The maximum rate of fire to a greater extent depended not on the characteristics of the weapon, but on the training of the soldiers. A well-trained soldier, as practical firing has shown even today, could without problems from a smoothbore gun provide a rate of fire of 3-4 rounds per minute through the use of a cartridge. Such a pace could not be maintained for long, but allowed 10-12 volleys to be fired at a battalion column attacking at a fast pace, 7-9 at a running attack and 2-3 at a galloping cavalry. Considering the low accuracy of fire even in close combat formations, only rifle fire usually failed to stop the attack of battalion columns or cuirassiers.

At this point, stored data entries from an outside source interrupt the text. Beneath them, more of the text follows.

(* [w] may be replaced by a term in the [v_i] reaching the same state, and
   [e (mul w1 _)] is a homomorphism. *)
Lemma run_from_mulr_gen {q e n} (v : 'I_n -> M) : run_from eta Q q e ->
  (forall w, exists t, e w = eval (fun i => e (v i)) t) ->
  forall w1 w2, (forall i, e (mul w1 (v i)) = e (mul w2 (v i))) ->
  forall w, e (mul w1 w) = e (mul w2 w).
Proof.
move=> r gen w1 w2 Ev w; have [t Et] := gen w.
have he : hom e := r.1.
have eE : e (eval v t) = e w by rewrite (hom_eval _ _ he) Et.
have mulr_eval u : e (mul u (eval v t)) = eval (fun i => e (mul u (v i))) t.
  by apply: (hom_eval (h := fun x => e (mul u x))) => s args /=; rewrite (mmul_homl dXs) he.
rewrite -!(run_from_rcong r _ _ eE) !mulr_eval.
by congr (eval _ t); apply: functional_extensionality.
Qed.

End Runs.
End FreeDMonoid.

Section Language.
Context {D : variety} {X Y : alg (vsig D)} {Xs : dmon (vsig D)} {eta : X -> mcar Xs}.
Hypotheses (fXs : free_dmon D X Xs eta) (mY : model D Y).
Variable L : mcar Xs -> Y.
Hypothesis hL : hom L.
Local Notation M := (mcar Xs).
Local Notation mul := (mmul Xs).
Let dXs : is_dmon D Xs := fXs.1.

Definition lquot (w : M) : funAlg M Y := fun u => L (mul u w).

Lemma lquot_hom : hom lquot.
Proof.
move=> s args; apply: functional_extensionality => u.
by rewrite /lquot (mmul_homl dXs) hL.
Qed.

Definition lquot_act (x : X) (phi : funAlg M Y) : funAlg M Y := fun u => phi (mul u (eta x)).

Lemma lquot_mul x w : lquot (mul (eta x) w) = lquot_act x (lquot w).
Proof. by apply: functional_extensionality => u; rewrite /lquot /lquot_act (mmulA dXs). Qed.

Lemma lquot_act_im x (b : imAlg lquot_hom) : exists w, lquot w = lquot_act x (im_val b).
Proof. by case: b => _ [w /= <-]; exists (mul (eta x) w); apply: lquot_mul. Qed.

Definition minAut_delta (x : X) (b : imAlg lquot_hom) : imAlg lquot_hom :=
  exist _ _ (lquot_act_im x b).

Definition minAut : automaton _ X Y :=
  @Automaton _ X Y (imAlg lquot_hom) minAut_delta (to_im lquot_hom (munit Xs))
    (fun b => im_val b (munit Xs)).

Lemma minAut_is_aut : is_aut D minAut.
Proof.
split; first exact: model_imAlg (model_funAlg _ mY).
split=> //; split=> [x s args | b s args]; apply: (@sig_val_inj (funAlg M Y)) => //=.
case: b => phi [w Ew]; subst phi; apply: functional_extensionality => u /=.
by rewrite /lquot_act /lquot fXs.2.1 (mmul_homl dXs) (mmul_homr dXs) hL.
Qed.

Lemma minAut_run : run_from eta minAut (init minAut) (to_im lquot_hom).
Proof.
split; first exact: to_im_hom.
by split=> // x w; apply: (@sig_val_inj (funAlg M Y)); apply: lquot_mul.
Qed.

Lemma minAut_accepts : accepts eta minAut L.
Proof.
exists (to_im lquot_hom); split=> [|w]; first exact: minAut_run.
by rewrite /= /lquot (mmul1m dXs).
Qed.

Lemma minAut_reachable : reachable eta minAut.
Proof. by exists (to_im lquot_hom); split; [apply: minAut_run | apply: to_im_surj]. Qed.

(* The run from [to_im a] is the shifted canonical run [u |-> to_im (u a)]. *)
Lemma minAut_fin_run {q e} : run_from eta minAut q e ->
  forall u, fin minAut (e u) = im_val q u.
Proof.
have [a <-] := to_im_surj lquot_hom q => r u.
rewrite (run_from_unique fXs r (run_from_shift fXs minAut_run a)) /=.
by rewrite /lquot (mmul1m dXs).
Qed.

Lemma minAut_simple : simple eta minAut.
Proof.
move=> q1 q2 e1 e2 r1 r2 Efin; apply: (@sig_val_inj (funAlg M Y)).
apply: functional_extensionality => u; change (im_val q1 u = im_val q2 u).
by rewrite -(minAut_fin_run r1) -(minAut_fin_run r2).
Qed.

Definition ctxt (w : M) : funAlg M (funAlg M Y) := fun u v => L (mul (mul u w) v).

Lemma ctxt_hom : hom ctxt.
Proof.
move=> s args; do 2 apply: functional_extensionality => ?.
by rewrite /ctxt /= (mmul_homl dXs) (mmul_homr dXs) hL.
Qed.

Lemma ctxt_mul a a' b b' : ctxt a = ctxt a' -> ctxt b = ctxt b' ->
  ctxt (mul a b) = ctxt (mul a' b').
Proof.
move=> Ea Eb; apply: functional_extensionality => u; apply: functional_extensionality => v.
transitivity (ctxt a u (mul b v)); first by rewrite /ctxt !(mmulA dXs).
rewrite Ea; transitivity (ctxt b (mul u a') v); first by rewrite /ctxt !(mmulA dXs).
by rewrite Eb /ctxt !(mmulA dXs).
Qed.

Definition synMon_mul (b1 b2 : imAlg ctxt_hom) : imAlg ctxt_hom :=
  to_im ctxt_hom (mul (im_pre b1) (im_pre b2)).

Definition synMon : dmon (vsig D) :=
  @DMon _ (imAlg ctxt_hom) synMon_mul (to_im ctxt_hom (munit Xs)).

Lemma synMon_mul_to_im a b :
  mmul synMon (to_im ctxt_hom a) (to_im ctxt_hom b) = to_im ctxt_hom (mul a b).
Proof.
by apply: to_im_eq; apply: ctxt_mul; apply: im_pre_spec (to_im ctxt_hom _).
Qed.

Lemma synMon_is_dmon : is_dmon D synMon.
Proof.
have rE := to_im_pre ctxt_hom.
split; first exact: model_imAlg (model_funAlg _ (model_funAlg _ mY)).
split.
  split=> b; rewrite -(rE b); apply: hom_from_im => s args;
    rewrite synMon_mul_to_im ?(mmul_homl dXs) ?(mmul_homr dXs) to_im_hom;
    by congr (ops _ s _); apply: functional_extensionality => i; rewrite synMon_mul_to_im.
split; first by move=> b1 b2 b3; rewrite -(rE b1) -(rE b2) -(rE b3) !synMon_mul_to_im (mmulA dXs).
by split=> b; rewrite -(rE b) synMon_mul_to_im ?(mmul1m dXs) ?(mmulm1 dXs).
Qed.

Lemma synMon_proj_monmor : @monmor _ Xs synMon (to_im ctxt_hom).
Proof. by split; [apply: to_im_hom | split=> // a b; rewrite synMon_mul_to_im]. Qed.

Lemma synMon_recognizes : recognizes L (to_im ctxt_hom : M -> mcar synMon).
Proof.
split; first exact: synMon_proj_monmor.
exists (fun b : mcar synMon => im_val b (munit Xs) (munit Xs)); split=> // w.
by rewrite /= /ctxt (mmul1m dXs) (mmulm1 dXs).
Qed.

Lemma synMon_min (N : dmon (vsig D)) (e : M -> mcar N) :
  is_dmon D N -> recognizes L e -> surj e ->
  exists h : mcar N -> mcar synMon, monmor h /\ forall w, to_im ctxt_hom w = h (e w).
Proof.
move=> dN [[he [e1 emul]] [f [hf Lf]]] se.
have [|k [hk kE]] := hom_factor_surj he se (to_im_hom ctxt_hom).
  move=> a1 a2 Ea; apply: to_im_eq.
  do 2 apply: functional_extensionality => ?.
  by rewrite /ctxt !Lf !emul Ea.
exists k; split=> [|w]; last by rewrite kE.
split=> //; split=> [|m1 m2]; first by rewrite -e1 kE. have [a1 <-] := se m1; have [a2 <-] := se m2.
by rewrite -emul !kE synMon_mul_to_im.
Qed.

Definition dmon_aut {N : dmon (vsig D)} (e : M -> mcar N) (f : mcar N -> Y) : automaton _ X Y :=
  @Automaton _ X Y (mcar N) (fun x m => mmul N (e (eta x)) m) (munit N) f.

Lemma dmon_aut_accepts {N : dmon (vsig D)} {e : M -> mcar N} {f : mcar N -> Y} :
  is_dmon D N -> monmor e -> hom f -> (forall w, L w = f (e w)) ->
  is_aut D (dmon_aut e f) /\ accepts eta (dmon_aut e f) L.
Proof.
move=> dN [he [e1 emul]] hf Lf; split.
  split; first exact: model_dmon dN.
  split=> //; split=> [x | m s args /=]; first exact: mmul_homl dN _.
  by rewrite fXs.2.1 he; apply: (mmul_homr dN).
exists e; split=> [|w]; last by rewrite Lf.
by split=> //; split=> // x w; rewrite emul.
Qed.

Hypothesis hDf : Df_closed D.

Lemma fpres_minAut {Q : automaton _ X Y} :
  fpres D (qcar Q) -> accepts eta Q L -> fpres D (qcar minAut).
Proof.
move=> fQ [e [re acc]]; apply: (fpres_im_of_kernel hDf re.1 _ fQ (model_funAlg _ mY)).
move=> a1 a2 Ea; apply: functional_extensionality => u.
by rewrite /lquot -!acc (run_from_rcong fXs re _ _ Ea).
Qed.

Lemma fpres_synMon {Q : automaton _ X Y} :
  fpres D (qcar Q) -> accepts eta Q L -> fpres D (mcar synMon).
Proof.
move=> fQ [e [re acc]]; have he : hom e := re.1.
have [n [v gen]] := fpres_im_gen he (fpres_imAlg hDf he fQ).
pose psi (w : M) : funAlg 'I_n (qcar Q) := fun i => e (mul w (v i)).
have hpsi : hom psi.
  by move=> s args; apply: functional_extensionality => i; rewrite /psi (mmul_homr dXs) he.
apply: (fpres_im_of_kernel hDf hpsi _ (fpres_pow hDf fQ n) (model_funAlg _ (model_funAlg _ mY))).
move=> a1 a2 Ea; apply: functional_extensionality => u; apply: functional_extensionality => w.
have Eaw := run_from_mulr_gen fXs v re gen _ _ (fun i => congr1 (fun g => g i) Ea) w.
by rewrite /ctxt -!acc -!(mmulA dXs) (run_from_rcong fXs re _ _ Eaw).
Qed.

End Language.

Theorem mainTheorem11 (D : variety) (X Y : alg (vsig D)) (Xs : dmon (vsig D))
    (eta : X -> mcar Xs) (L : mcar Xs -> Y) :
  commutative_variety D -> Df_closed D ->
  model D X -> model D Y -> free_dmon D X Xs eta -> hom L ->
  let a := exists Q : automaton _ X Y, is_aut D Q /\ fpres D (qcar Q) /\ accepts eta Q L in
  let b := exists Q : automaton _ X Y, is_aut D Q /\ reachable eta Q /\ simple eta Q /\
             accepts eta Q L /\ fpres D (qcar Q) in
  let c := exists (M : dmon (vsig D)) (e : mcar Xs -> mcar M),
             is_dmon D M /\ recognizes L e /\ fpres D (mcar M) in
  let d := exists (M : dmon (vsig D)) (e : mcar Xs -> mcar M),
             is_dmon D M /\ recognizes L e /\ surj e /\
             (forall (M' : dmon (vsig D)) (e' : mcar Xs -> mcar M'),
                is_dmon D M' -> recognizes L e' -> surj e' ->
                exists h : mcar M' -> mcar M, monmor h /\ forall w, e w = h (e' w)) /\
             fpres D (mcar M) in
  (a <-> b) /\ (a <-> c) /\ (a <-> d).
Proof.
move=> _ hDf _ mY fXs hL a b c d.
have c_to_a : c -> a.
  move=> [N [e [dN [[me [f [hf Lf]]] fN]]]].
  have [aut acc] := dmon_aut_accepts fXs L dN me hf Lf.
  by exists (dmon_aut (eta := eta) e f).
have a_to_d : a -> d.
  move=> [Q [_ [fQ acc]]]; exists (synMon fXs L hL), (to_im (ctxt_hom fXs L hL)).
  split; first exact: synMon_is_dmon.
  split; first exact: synMon_recognizes.
  split; first exact: to_im_surj.
  by split; [apply: synMon_min | apply: fpres_synMon acc].
have d_to_c : d -> c by move=> [N [e [dN [rec [_ [_ fN]]]]]]; exists N, e.
split; [split | split; split] => //.
- move=> [Q [_ [fQ acc]]]; exists (minAut fXs L hL).
  split; first exact: minAut_is_aut.
  split; first exact: minAut_reachable.
  split; first exact: minAut_simple.
  by split; [apply: minAut_accepts | apply: fpres_minAut acc].
- by move=> [Q [aut [_ [_ [acc fQ]]]]]; exists Q.
- by move/a_to_d/d_to_c.
- by move/d_to_c/c_to_a.
Qed.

Field artillery in terms of firing range with "long-range" buckshot was superior to fire from smooth-bore guns. At the same time, the field gun had a maximum rate of fire due to cap loading of 7–9 rounds per minute. At the same time, the accuracy of artillery fire at equal distances was also higher. Here, too, a high pace could not be maintained for a long time, but it made it possible to make 25–35 volleys of buckshot against a battalion column attacking at a fast pace, 15–20 against a running attack, and 7–10 against a galloping cavalry. Such a rate of fire was a powerful stopping tool against both infantry and cavalry, provided there were enough guns for the length of the attacked front. Such superiority of artillery usually made it possible to win her skirmish with infantry even at short distances. The power of artillery on the battlefield in relation to other branches of the military was perhaps the greatest precisely at the beginning of the 19th century.